> **RECORDS TO USE**:
Lemma odometerK a : odometer (odometer_inv a) = a.
Proof.
  apply functional_extensionality. intros k. unfold odometer at 1.
  rewrite all_ones_odometer_inv. unfold odometer_inv. now destruct (a k), (all_zeros a k).
Qed.

Lemma odometer2_0 a : odometer (odometer a) 0 = a 0.
Proof. unfold odometer. simpl. now destruct (a 0). Qed.

Lemma odometer2_S a j : odometer (odometer a) (S j) = odometer (fun i => a (S i)) j.
Proof.
  unfold odometer at 1. simpl. unfold odometer at 2. simpl.
  destruct (a 0) eqn:E; simpl.
  - rewrite xorb_false_r. unfold odometer. simpl. now rewrite E.
  - assert (Hs : forall i, odometer a (S i) = a (S i)).
    { intros i. unfold odometer. simpl. rewrite E. apply xorb_false_r. }
    rewrite Hs. unfold odometer at 2. f_equal. apply all_ones_eq_upto.
    intros i _. apply Hs.
Qed.

Lemma iter_odometer_pow2 K a :
  Nat.iter (2 ^ K) odometer a =
  fun k => if k <? K then a k else odometer (fun j => a (K + j)) (k - K).
Proof.
  revert a; induction K as [|K IH]; intros a; apply functional_extensionality; intros k.
  - simpl. now rewrite Nat.sub_0_r.
  - replace (2 ^ S K) with (2 ^ K + 2 ^ K) by (simpl; lia).
    rewrite Nat.iter_add, !IH.
    destruct (Nat.ltb_spec k K) as [Hk|Hk].
    + now rewrite (proj2 (Nat.ltb_lt k (S K))) by lia.
    + set (c := fun j => a (K + j)).
      replace (fun j => (if K + j <? K then a (K + j) else odometer c (K + j - K)))
        with (odometer c).
      2:{ apply functional_extensionality. intros j.
          rewrite (proj2 (Nat.ltb_ge (K + j) K)) by lia. f_equal. lia. }
      destruct (Nat.eq_dec k K) as [->|Hne].
      * rewrite Nat.sub_diag, odometer2_0, (proj2 (Nat.ltb_lt K (S K))) by lia.
        unfold c. f_equal. lia.
      * rewrite (proj2 (Nat.ltb_ge k (S K))) by lia.
        replace (k - K) with (S (k - S K)) by lia. rewrite odometer2_S.
        unfold c. do 2 f_equal. apply functional_extensionality. intros j. f_equal. lia.
Qed.

Lemma iter_odometer_pow2_digit K a : Nat.iter (2 ^ K) odometer a K = negb (a K).
Proof.
  rewrite iter_odometer_pow2, Nat.ltb_irrefl, Nat.sub_diag.
  unfold odometer. simpl. rewrite Nat.add_0_r. now destruct (a K).
Qed.

(* The odometer acting on the first [K] digits only, i.e. addition modulo [2^K]. *)
Definition odometer_trunc (K : nat) (a : nat -> bool) (k : nat) : bool :=
  if k <? K then odometer a k else a k.
Definition odometer_trunc_inv (K : nat) (a : nat -> bool) (k : nat) : bool :=
  if k <? K then odometer_inv a k else a k.

Lemma odometer_trunc_prefix_preserving K : prefix_preserving (odometer_trunc K).
Proof.
  intros N a b H k Hk. unfold odometer_trunc.
  destruct (k <? K); [apply (odometer_prefix_preserving N)|]; auto.
Qed.

Lemma odometer_trunc_inv_prefix_preserving K : prefix_preserving (odometer_trunc_inv K).
Proof.
  intros N a b H k Hk. unfold odometer_trunc_inv.
  destruct (k <? K); [apply (odometer_inv_prefix_preserving N)|]; auto.
Qed.

Lemma odometer_trunc_eq_upto K a : eq_upto K (odometer_trunc K a) (odometer a).
Proof. intros k Hk. unfold odometer_trunc. now rewrite (proj2 (Nat.ltb_lt k K)). Qed.

Lemma odometer_trunc_inv_eq_upto K a : eq_upto K (odometer_trunc_inv K a) (odometer_inv a).
Proof. intros k Hk. unfold odometer_trunc_inv. now rewrite (proj2 (Nat.ltb_lt k K)). Qed.

Lemma odometer_trunc_invK K a : odometer_trunc_inv K (odometer_trunc K a) = a.
Proof.
  apply functional_extensionality. intros k. unfold odometer_trunc_inv.
  destruct (Nat.ltb_spec k K) as [Hk|Hk].
  - transitivity (odometer_inv (odometer a) k); [|now rewrite odometer_invK].
    apply (odometer_inv_prefix_preserving (S k)); [|lia].
    intros j Hj. apply odometer_trunc_eq_upto. lia.
  - unfold odometer_trunc. now rewrite (proj2 (Nat.ltb_ge k K)).
Qed.

Lemma odometer_truncK K a : odometer_trunc K (odometer_trunc_inv K a) = a.
Proof.
  apply functional_extensionality. intros k. unfold odometer_trunc.
  destruct (Nat.ltb_spec k K) as [Hk|Hk].
  - transitivity (odometer (odometer_inv a) k); [|now rewrite odometerK].
    apply (odometer_prefix_preserving (S k)); [|lia].
    intros j Hj. apply odometer_trunc_inv_eq_upto. lia.
  - unfold odometer_trunc_inv. now rewrite (proj2 (Nat.ltb_ge k K)).
Qed.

> **ACTIVITY**: Going through the entries, return every line holding the word "then".

> **REPLY TO THE EXERCISE**:
  fun k => if k <? K then a k else odometer (fun j => a (K + j)) (k - K).
      replace (fun j => (if K + j <? K then a (K + j) else odometer c (K + j - K)))
  if k <? K then odometer a k else a k.
  if k <? K then odometer_inv a k else a k.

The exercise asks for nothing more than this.